Lifthrasil: Or 'natural' leveling. I.e. incremental increase of the skills you use most.
Wishbone: The problem with that is that it often leads to pointless grinding of stupid tasks, such as forging 2000 useless daggers in order to maximize your blacksmithing skill. Or if you have weapon class skills and you've been using various swords from the start of the game, but then you find an awesome axe with much better stats than your current sword. Then you have to go back and kill a bazillion low-level creatures with it because you can't actually hit any creatures of your current level until you have gotten your axe skill up.
I would argue that having to use the axe against weaker creatures to become good at it is better than not being able to use the axe at all because you have spent some of your limited number of points on swords and can't fit axes into your build.

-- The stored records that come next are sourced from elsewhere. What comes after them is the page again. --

Definition orthogonal (N : nat) (M : nat -> nat -> R) : Prop :=
  forall i j, (i < N)%nat -> (j < N)%nat ->
    sumN N (fun k => M k i * M k j) = if Nat.eqb i j then 1 else 0.

(* M^{-1} x = M^T x for orthogonal M. *)
Definition mat_inv_apply (N : nat) (M : nat -> nat -> R) (x : vec) : vec :=
  fun i => if Nat.ltb i N then sumN N (fun k => M k i * x k) else 0.

(* u_M(x) := u(M^{-1} x) *)
Definition rot (N : nat) (M : nat -> nat -> R) (u : vec -> R) : vec -> R :=
  fun x => u (mat_inv_apply N M x).

Definition reflect (N : nat) (a x : vec) : vec :=
  fun i => if Nat.ltb i N then x i - 2 * dot N a x / dot N a a * a i else 0.

(* Separability: every open half-space H with 0 in its boundary is
   H = {x : <a,x> > 0} for some nonzero a in R^N. *)
Definition separable (N : nat) (u : vec -> R) : Prop :=
  forall a : vec, inRN N a -> dot N a a <> 0 ->
    (forall x, sphere N x -> dot N a x > 0 -> u x >= u (reflect N a x)) \/
    (forall x, sphere N x -> dot N a x > 0 -> u x <= u (reflect N a x)).

Definition circ_pt (N : nat) (t : R) : vec :=
  fun i => if Nat.eqb i (N - 2) then cos t
           else if Nat.eqb i (N - 1) then sin t else 0.

(* Call a direction a dominant for u when u(x) >= u(sigma_a x) on the half-space
   {<a, x> > 0}; separability says that a or -a is dominant for every a.  Integrating u
   against x |-> <a, x> over circles on the sphere shows that dominant directions are
   closed under addition, so they form a convex cone C such that C and -C cover R^N.
   Continuity of u makes C closed and, as soon as u is nonconstant, C is a closed
   half-space {v : <v, e> >= 0}.  Hence u(x) <= u(y) whenever <x, e> <= <y, e>: then y - x
   is dominant and the reflection across (y - x)^perp swaps x and y.  After a Householder
   reflection taking e to the last axis, u_M is a nondecreasing function of x_N, continuous
   along a meridian, and its maximum and minimum sets are caps {x_N >= h1} and {x_N <= h2}
   by continuity. *)

From Pilot Require Import Defs.
From Coquelicot Require Import Coquelicot.
From Stdlib Require Import Reals Lra Lia FunctionalExtensionality Classical ClassicalEpsilon.
Open Scope R_scope.

(** * Vectors and reflections *)

Lemma sumN_ext n f g : (forall i, (i < n)%nat -> f i = g i) -> sumN n f = sumN n g.
Proof.
  induction n as [|n IH]; simpl; intros H; auto.
  rewrite IH by (intros; apply H; lia). rewrite H by lia. reflexivity.
Qed.

Lemma sumN_plus n f g : sumN n (fun i => f i + g i) = sumN n f + sumN n g.
Proof. induction n as [|n IH]; simpl; [lra|]. rewrite IH. lra. Qed.

Lemma sumN_scal n c f : sumN n (fun i => c * f i) = c * sumN n f.
Proof. induction n as [|n IH]; simpl; [lra|]. rewrite IH. lra. Qed.

Lemma sumN_zero n : sumN n (fun _ => 0) = 0.
Proof. induction n as [|n IH]; simpl; lra. Qed.

Lemma sumN_nonneg n f : (forall i, (i < n)%nat -> 0 <= f i) -> 0 <= sumN n f.
Proof.
  induction n as [|n IH]; simpl; intros H; [lra|].
  assert (0 <= f n) by (apply H; lia).
  assert (0 <= sumN n f) by (apply IH; intros; apply H; lia). lra.
Qed.

Lemma sumN_nonneg_eq0 n f : (forall i, (i < n)%nat -> 0 <= f i) -> sumN n f = 0 ->
  forall i, (i < n)%nat -> f i = 0.
Proof.
  induction n as [|n IH]; simpl; intros H Hs i Hi; [lia|].
  assert (0 <= f n) by (apply H; lia).
  assert (0 <= sumN n f) by (apply sumN_nonneg; intros; apply H; lia).
  destruct (Nat.eq_dec i n) as [->|]; [lra|].
  apply IH; [intros; apply H; lia | lra | lia].
Qed.

Definition vadd (x y : vec) : vec := fun i => x i + y i.
Definition vscal (c : R) (x : vec) : vec := fun i => c * x i.
Definition vsub (x y : vec) : vec := fun i => x i - y i.
Definition basis (k : nat) : vec := fun i => if Nat.eqb i k then 1 else 0.

Ltac vec_ring := apply functional_extensionality; intro; unfold vadd, vscal, vsub; ring.

Lemma sumN_basis n k f : (k < n)%nat -> sumN n (fun i => basis k i * f i) = f k.
Proof.
  unfold basis. induction n as [|n IH]; simpl; intros H; [lia|].
  destruct (Nat.eq_dec k n) as [->|].
  - rewrite Nat.eqb_refl, (sumN_ext _ _ (fun _ => 0)), sumN_zero; [lra|].
    intros i Hi. destruct (Nat.eqb_spec i n); [lia|lra].
  - rewrite IH by lia. destruct (Nat.eqb_spec n k); [lia|lra].
Qed.

Lemma dot_comm N x y : dot N x y = dot N y x.
Proof. unfold dot. apply sumN_ext; intros; ring. Qed.

Lemma dot_add_l N x y z : dot N (vadd x y) z = dot N x z + dot N y z.
Proof. unfold dot, vadd. rewrite <- sumN_plus. apply sumN_ext; intros; ring. Qed.

Lemma dot_add_r N x y z : dot N z (vadd x y) = dot N z x + dot N z y.
Proof. rewrite dot_comm, dot_add_l, (dot_comm N x), (dot_comm N y). reflexivity. Qed.

Lemma dot_scal_l N c x y : dot N (vscal c x) y = c * dot N x y.
Proof. unfold dot, vscal. rewrite <- sumN_scal. apply sumN_ext; intros; ring. Qed.

Lemma dot_scal_r N c x y : dot N y (vscal c x) = c * dot N y x.
Proof. rewrite dot_comm, dot_scal_l, dot_comm. reflexivity. Qed.

Lemma dot_sub_l N x y z : dot N (vsub x y) z = dot N x z - dot N y z.
Proof.
  replace (vsub x y) with (vadd x (vscal (-1) y)) by vec_ring.
  rewrite dot_add_l, dot_scal_l. ring.
Qed.

Lemma dot_sub_r N x y z : dot N z (vsub x y) = dot N z x - dot N z y.
Proof. rewrite dot_comm, dot_sub_l, (dot_comm N x), (dot_comm N y). reflexivity. Qed.

Lemma dot_zero_l N x : dot N (fun _ => 0) x = 0.
Proof. unfold dot. rewrite (sumN_ext _ _ (fun _ => 0)) by (intros; ring). apply sumN_zero. Qed.

Lemma dot_basis_r N x k : (k < N)%nat -> dot N x (basis k) = x k.
Proof.
  intros Hk. unfold dot. rewrite <- (sumN_basis N k x Hk).
  apply sumN_ext; intros; ring.
Qed.

Lemma dot_self_nonneg N x : 0 <= dot N x x.
Proof. apply sumN_nonneg; intros; nra. Qed.

Lemma inRN_add N x y : inRN N x -> inRN N y -> inRN N (vadd x y).
Proof. intros Hx Hy i Hi. unfold vadd. rewrite Hx, Hy by auto. ring. Qed.

Lemma inRN_scal N c x : inRN N x -> inRN N (vscal c x).
Proof. intros Hx i Hi. unfold vscal. rewrite Hx by auto. ring. Qed.

Lemma inRN_sub N x y : inRN N x -> inRN N y -> inRN N (vsub x y).
Proof. intros Hx Hy i Hi. unfold vsub. rewrite Hx, Hy by auto. ring. Qed.

Lemma inRN_basis N k : (k < N)%nat -> inRN N (basis k).
Proof. intros Hk i Hi. unfold basis. destruct (Nat.eqb_spec i k); [lia | reflexivity]. Qed.

Lemma dot_self_eq0 N x : inRN N x -> dot N x x = 0 -> x = (fun _ => 0).
Proof.
  intros Hx H. apply functional_extensionality; intros i.
  destruct (Nat.lt_ge_cases i N) as [Hi|Hi]; [|apply Hx; auto].
  assert (x i * x i = 0) by (apply (sumN_nonneg_eq0 N (fun i => x i * x i)); auto; intros; nra).
  nra.
Qed.

Lemma dot_self_pos N x : inRN N x -> x <> (fun _ => 0) -> 0 < dot N x x.
Proof.
  intros Hx Hne. destruct (Req_dec (dot N x x) 0) as [E|E].
  - contradiction (dot_self_eq0 N x Hx E).
  - pose proof (dot_self_nonneg N x). lra.
Qed.

Lemma sphere_basis N k : (k < N)%nat -> sphere N (basis k).
Proof.
  intros Hk. split; [apply inRN_basis; auto|].
  rewrite dot_basis_r by auto. unfold basis. rewrite Nat.eqb_refl. reflexivity.
Qed.

Lemma dot_sphere_le N x y : sphere N x -> sphere N y -> dot N x y <= 1.
Proof.
  intros [_ Hxx] [_ Hyy]. pose proof (dot_self_nonneg N (vsub x y)) as H.
  rewrite dot_sub_l, !dot_sub_r, (dot_comm N y x) in H. lra.
Qed.

Lemma dot_sphere_ge N x y : sphere N x -> sphere N y -> -1 <= dot N x y.
Proof.
  intros [_ Hxx] [_ Hyy]. pose proof (dot_self_nonneg N (vadd x y)) as H.
  rewrite dot_add_l, !dot_add_r, (dot_comm N y x) in H. lra.
Qed.

Lemma sphere_coord_bound N x i : sphere N x -> (i < N)%nat -> -1 <= x i <= 1.
Proof.
  intros Sx Hi. pose proof (sphere_basis N i Hi) as Se.
  pose proof (dot_sphere_le N x _ Sx Se). pose proof (dot_sphere_ge N x _ Sx Se).
  rewrite dot_basis_r in * by auto. lra.
Qed.

Lemma sphere_eq_of_dot N x y : sphere N x -> sphere N y -> dot N x y = 1 -> x = y.
Proof.
  intros [Hx Hxx] [Hy Hyy] H.
  assert (E : vsub x y = (fun _ => 0)).
  { apply (dot_self_eq0 N); [apply inRN_sub; auto|].
    rewrite dot_sub_l, !dot_sub_r, (dot_comm N y x). lra. }
  apply functional_extensionality; intros i.
  apply (f_equal (fun v => v i)) in E. unfold vsub in E. lra.
Qed.

Lemma reflect_eq N a x : inRN N a -> inRN N x ->
  reflect N a x = vsub x (vscal (2 * dot N a x / dot N a a) a).
Proof.
  intros Ha Hx. apply functional_extensionality; intros i. unfold reflect, vsub, vscal.
  destruct (Nat.ltb_spec i N); [ring|]. rewrite Ha, Hx by auto. ring.
Qed.

Lemma inRN_reflect N a x : inRN N (reflect N a x).
Proof. intros i Hi. unfold reflect. destruct (Nat.ltb_spec i N); [lia | reflexivity]. Qed.

(* Rocq's [/ 0 = 0] makes the reflection across the zero vector the identity. *)
Lemma reflect_degenerate N a x : inRN N x -> dot N a a = 0 -> reflect N a x = x.
Proof.
  intros Hx E. apply functional_extensionality; intro i. unfold reflect. rewrite E.
  destruct (Nat.ltb_spec i N); [unfold Rdiv; rewrite Rinv_0; ring | rewrite Hx; auto].
Qed.

Lemma reflect_scal N c a x : c <> 0 -> reflect N (vscal c a) x = reflect N a x.
Proof.
  intros Hc. unfold reflect. apply functional_extensionality; intros i.
  destruct (i <? N)%nat; [|reflexivity].
  rewrite !dot_scal_l, !dot_scal_r. unfold vscal.
  destruct (Req_dec (dot N a a) 0) as [E|E].
  - rewrite E. unfold Rdiv. rewrite !Rmult_0_r, Rinv_0. ring.
  - field. auto.
Qed.

Section Reflection.
Variables (N : nat) (a : vec).
Hypotheses (Ha : inRN N a) (Haa : dot N a a <> 0).

Lemma dot_reflect_normal x : inRN N x -> dot N a (reflect N a x) = - dot N a x.
Proof. intros. rewrite reflect_eq, dot_sub_r, dot_scal_r by auto. field. auto. Qed.

Lemma dot_reflect x y : inRN N x -> inRN N y -> dot N (reflect N a x) y = dot N x (reflect N a y).
Proof.
  intros. rewrite !reflect_eq, dot_sub_l, dot_sub_r, dot_scal_l, dot_scal_r by auto.
  rewrite (dot_comm N x a). field. auto.
Qed.

Lemma reflect_involutive x : inRN N x -> reflect N a (reflect N a x) = x.
Proof.
  intros. rewrite (reflect_eq N a (reflect N a x)), dot_reflect_normal, reflect_eq
    by (auto; apply inRN_reflect).
  apply functional_extensionality; intros i. unfold vsub, vscal. field. auto.
Qed.

Lemma sphere_reflect x : sphere N x -> sphere N (reflect N a x).
Proof.
  intros [Hx Hxx]. split; [apply inRN_reflect|].
  rewrite dot_reflect, reflect_involutive by (auto; apply inRN_reflect). auto.
Qed.

End Reflection.

Lemma sphere_reflect_any N a x : inRN N a -> sphere N x -> sphere N (reflect N a x).
Proof.
  intros Ha Sx. destruct (Req_dec (dot N a a) 0) as [E|E].
  - rewrite reflect_degenerate by (auto; apply Sx). auto.
  - apply sphere_reflect; auto.
Qed.

Lemma reflect_involutive_any N a x : inRN N a -> inRN N x -> reflect N a (reflect N a x) = x.
Proof.
  intros Ha Hx. destruct (Req_dec (dot N a a) 0) as [E|E].
  - rewrite !reflect_degenerate by (auto; apply inRN_reflect). reflexivity.
  - apply reflect_involutive; auto.
Qed.

Section Swap.
Variables (N : nat) (x y : vec).
Hypotheses (Sx : sphere N x) (Sy : sphere N y) (Hxy : x <> y).

Lemma dot_swap_pos : dot N (vsub x y) x > 0.
Proof.
  pose proof (dot_sphere_le N y x Sy Sx). destruct Sx as [Hx Hxx].
  rewrite dot_sub_l, Hxx. destruct (Req_dec (dot N y x) 1) as [E|E]; [|lra].
  exfalso. apply Hxy. symmetry. apply (sphere_eq_of_dot N); auto.
Qed.

Lemma reflect_swap : reflect N (vsub x y) x = y.
Proof.
  pose proof dot_swap_pos as Hpos. destruct Sx as [Hx Hxx], Sy as [Hy Hyy].
  assert (E : dot N (vsub x y) (vsub x y) = 2 * dot N (vsub x y) x).
  { rewrite !dot_sub_l, !dot_sub_r, (dot_comm N y x). lra. }
  rewrite reflect_eq, E by (auto; apply inRN_sub; auto).
  set (d := dot N (vsub x y) x) in *.
  apply functional_extensionality; intros i. unfold vsub, vscal. field. lra.
Qed.

End Swap.

(** * Dominant directions *)

Lemma continuity_pt_of_ex_derive (f : R -> R) x : ex_derive f x -> continuity_pt f x.
Proof. intros H. apply continuity_pt_filterlim. exact (ex_derive_continuous f x H). Qed.

Lemma continuity_pt_sumN n (F : R -> nat -> R) s0 :
  (forall i, (i < n)%nat -> continuity_pt (fun s => F s i) s0) ->
  continuity_pt (fun s => sumN n (F s)) s0.
Proof.
  induction n as [|n IH]; simpl; intros H.
  - apply continuity_pt_const. intros ? ?. reflexivity.
  - apply (continuity_pt_plus (fun s => sumN n (F s)) (fun s => F s n));
      [apply IH; intros; apply H | apply H]; lia.
Qed.

Lemma locally_pos (f : R -> R) x : continuity_pt f x -> 0 < f x -> locally x (fun y => 0 < f y).
Proof.
  intros Hc Hx. apply (filter_imp (fun y => Rabs (f y - f x) < mkposreal _ Hx)).
  - simpl. intros y Hy. apply Rabs_def2 in Hy. lra.
  - apply continuity_pt_locally, Hc.
Qed.

Lemma locally_pos_point (P : R -> Prop) : locally 0 P -> exists s, 0 < s /\ P s.
Proof.
  intros [eps H]. pose proof (cond_pos eps). exists (eps / 2). split; [lra|].
  apply H. change (Rabs (eps / 2 - 0) < eps). rewrite Rminus_0_r, Rabs_right; lra.
Qed.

Also, this problem can be mitigated by not making accuracy too dependent on skills. For example, in the SaGa 3 remake, at one point you get a great sword and then have to fight a rather difficult boss that regenerates HP but is weak against that sword. Fortunately, the game is designed so that you have decent accuracy even without good agility or skill (you will still miss, but not all the time unlike SaGa 2), and the first learnable technique of a weapon is easy to learn provided you are in the correct race (in this case, cyborg, and note that race is changeable in this game).
Another thing that would help is having other party members who are still using weapons they're good at. For example, in the SaGa 3 remake, you could just have a character attack with a new weapon type, while other characters keep that character alive. (Also, unlike some games, you get your stat gains and skill levels immediately, so a character doesn't need to survive the battle to get stats and skills, and prolonging a battle leads to more stat growth than ending the battle quickly.)
For your forging 2000 daggers, in a well designed system, you would get more skill experience for performing harder tasks, like forging swords, battle axes, or spiked flails.
candesco: There is no difference between oblivion and morrowind regarding levelling, except that in morrowind you need to sleep to go to the next level.
Actually:
Oblivion requires you to sleep to gain the next level as well; the difference is that, in Morrowind, characters without Stunted Magicka will be sleeping to recover Magicka (making the leveling semi-automatic by my definition), while in Oblivion there's no real reason to rest other than leveling up (hence making the leveling manual) or getting vampire dreams.
Also, one other difference: In Morrowind, a skill increase after qualifying for a level up counts toward stat gain for your current level, while in Oblivion it counts toward your *next* level. (Incidentally, the way stat growth works is the one thing I dislike about the Morrowind/Oblivion system; if you just got stat points to distribute at level up (like in Daggerfall, but without the random factor) it wouldn't be so bad.)